## Segmenting and Clustering Neighborhoods in Toronto

This script is for Coursera IBM Data Science capstone project. It is used to analyze and cluster neighborhoods in Toronto.

### Import libraries

In [16]:
import pandas as pd
import numpy as np
import requests
from bs4 import BeautifulSoup # used to parse data from website
import geocoder # import geocoder

### Parse table from website

We can define a function to parse the url and search for table content

In [6]:
def parse_url_table(url):
    
    # parse url
    response = requests.get(url)
    soup = BeautifulSoup(response.text, 'lxml')
    
    # parse table from url
    table = soup.find_all("table")[0]
    
    # find column names
    col_names = []
    th_tags = table.find_all('th')
    for th in th_tags:
        col_names.append(th.get_text().rstrip("\n"))
    
    # create a new pandas DataFrame to restore the table
    df = pd.DataFrame(columns=col_names)
    
    # read table content
    for row in table.find_all('tr'):
        cols = row.find_all('td')
        if len(cols)>0:
            temp = []
            for col in cols:
                temp.append(col.get_text().rstrip("\n"))
            df = df.append(pd.Series(temp,index=df.columns),ignore_index=True)
        
        
    return df

Get table from the Wikipedia page

In [7]:
url = 'https://en.wikipedia.org/wiki/List_of_postal_codes_of_Canada:_M'
df = parse_url_table(url)
df.head()

Unnamed: 0,Postal code,Borough,Neighborhood
0,M1A,Not assigned,
1,M2A,Not assigned,
2,M3A,North York,Parkwoods
3,M4A,North York,Victoria Village
4,M5A,Downtown Toronto,Regent Park / Harbourfront


### Clean the table

Define a function to clean the table

In [8]:
def clean_table(df):
    
    # drop rows with 'Not assigned' Borough
    df = df[df.Borough!='Not assigned']
    
    # set 'Not assigned' Neighborhood the same name as Borough
    df[df.Neighborhood.isna()].loc[:,'Neighborhood'] = df[df.Neighborhood.isna()].loc[:,'Borough']
    
    # clean Neighborhood, change '/' to ', '
    temp = df['Neighborhood'].values
    for idx, istr in enumerate(temp):
        temp[idx] = istr.replace(' / ',', ')
        
    df.assign(Neighborhood = temp)
    
    df = df.reset_index(drop=True)
    
    
    return df

Clean the pandas DataFrame

In [9]:
df = clean_table(df)
df.head()

Unnamed: 0,Postal code,Borough,Neighborhood
0,M3A,North York,Parkwoods
1,M4A,North York,Victoria Village
2,M5A,Downtown Toronto,"Regent Park, Harbourfront"
3,M6A,North York,"Lawrence Manor, Lawrence Heights"
4,M7A,Downtown Toronto,"Queen's Park, Ontario Provincial Government"

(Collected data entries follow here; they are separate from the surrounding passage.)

Lemma n_shift_eq a : in_l2 a -> S a = taylor_inv b (shift (taylor b a)).
Proof.
  intros Ha; destruct (S_n_shift a Ha) as [HSa Hrep].
  set (E := sub_seq (taylor b (S a)) (shift (taylor b a))).
  assert (HE : in_l2 E).
  { apply in_l2_sub; [apply in_l2_taylor, HSa|].
    destruct shift_l2_bounded as [_ Hsh]; apply Hsh, in_l2_taylor, Ha. }
  assert (E_eq0 : forall m, E m = RtoC 0).
  { apply power_series_eq0_coef; [exact HE|]; intros x Hx.
    assert (Hz : Cmod x < 1) by (rewrite Cmod_R, Rabs_pos_eq; lra).
    destruct (ex_series_power_l2 (taylor b a) x (in_l2_taylor a Ha) Hz) as [w Hw].
    assert (HSw := proj1 (represents_iff _ _ _) (Hrep _ _ Hz (proj2 (represents_iff _ _ _) Hw))).
    pose proof (is_series_minus _ _ _ _ HSw (is_series_power_shift _ _ _ Hw)) as Hdiff.
    match goal with |- is_series _ ?l => replace l with (plus (x * w)%C (opp (x * w)%C)) end.
    - eapply is_series_ext; [|exact Hdiff].
      intros k; unfold E, sub_seq.
      change (taylor b (S a) k * x ^ k + - (shift (taylor b a) k * x ^ k)
              = (taylor b (S a) k - shift (taylor b a) k) * x ^ k)%C; ring.
    - change (x * w + - (x * w) = 0)%C; ring. }
  rewrite <- (taylorK b (S a)); f_equal; apply functional_extensionality; intros m.
  specialize (E_eq0 m); unfold E, sub_seq in E_eq0.
  replace (taylor b (S a) m)
    with (taylor b (S a) m - shift (taylor b a) m + shift (taylor b a) m)%C by ring.
  rewrite E_eq0; ring.
Qed.

End FiniteSupport.

(** * Operators commuting with the shift *)

Section ShiftCommutant.
Variables (Y : seqC -> seqC) (CY : R).
Hypothesis Y_bounded : l2_bounded Y CY.
Hypothesis Y_add : forall a c, in_l2 a -> in_l2 c -> Y (add_seq a c) = add_seq (Y a) (Y c).
Hypothesis Y_scal : forall l a, in_l2 a -> Y (scal_seq l a) = scal_seq l (Y a).
Hypothesis Y_shift : forall a, in_l2 a -> Y (shift a) = shift (Y a).

Lemma in_l2_Y a : in_l2 a -> in_l2 (Y a).
Proof. intros Ha; apply Y_bounded, Ha. Qed.

Lemma sq_norm_Y_le a : in_l2 a -> sq_norm (Y a) <= CY * sq_norm a.
Proof. intros Ha; apply Y_bounded, Ha. Qed.

Lemma Y_zero : Y zero_seq = zero_seq.
Proof.
  replace zero_seq with (scal_seq (RtoC 0) zero_seq) at 1
    by (apply functional_extensionality; intros; unfold scal_seq, zero_seq; ring).
  rewrite Y_scal by apply in_l2_zero.
  apply functional_extensionality; intros; unfold scal_seq, zero_seq; ring.
Qed.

Let's check the shape of table

In [10]:
df.shape

(103, 3)

### Get Geographic Coordinates for boroughs

Let's define a function to get geographic coordinate for any give postal code

In [37]:
# download geographic coordinates from the link
geo_code = pd.read_csv('http://cocl.us/Geospatial_data')

def get_geo_post(postal_code):
    latitude = geo_code.loc[geo_code['Postal Code']==postal_code, 'Latitude'].values
    longitude = geo_code.loc[geo_code['Postal Code']==postal_code, 'Longitude'].values
    
    return latitude, longitude

Use above function to get lat/lon for each borough

In [42]:
# add two new columns to the table
df['Latitude'] = np.nan
df['Longitude'] = np.nan

# get geographic coordinate for each postal code (row)
for idx in range(len(df.index)):
    postal_code = df.iloc[idx,0]        # get postal code for each borough
    df.iloc[idx,3], df.iloc[idx,4] = get_geo_post(postal_code)  # fill in the lat/lon

df.head()

Unnamed: 0,Postal code,Borough,Neighborhood,Latitude,Longitude
0,M3A,North York,Parkwoods,43.753259,-79.329656
1,M4A,North York,Victoria Village,43.725882,-79.315572
2,M5A,Downtown Toronto,"Regent Park, Harbourfront",43.65426,-79.360636
3,M6A,North York,"Lawrence Manor, Lawrence Heights",43.718518,-79.464763
4,M7A,Downtown Toronto,"Queen's Park, Ontario Provincial Government",43.662301,-79.389494


In [43]:
df.shape

(103, 5)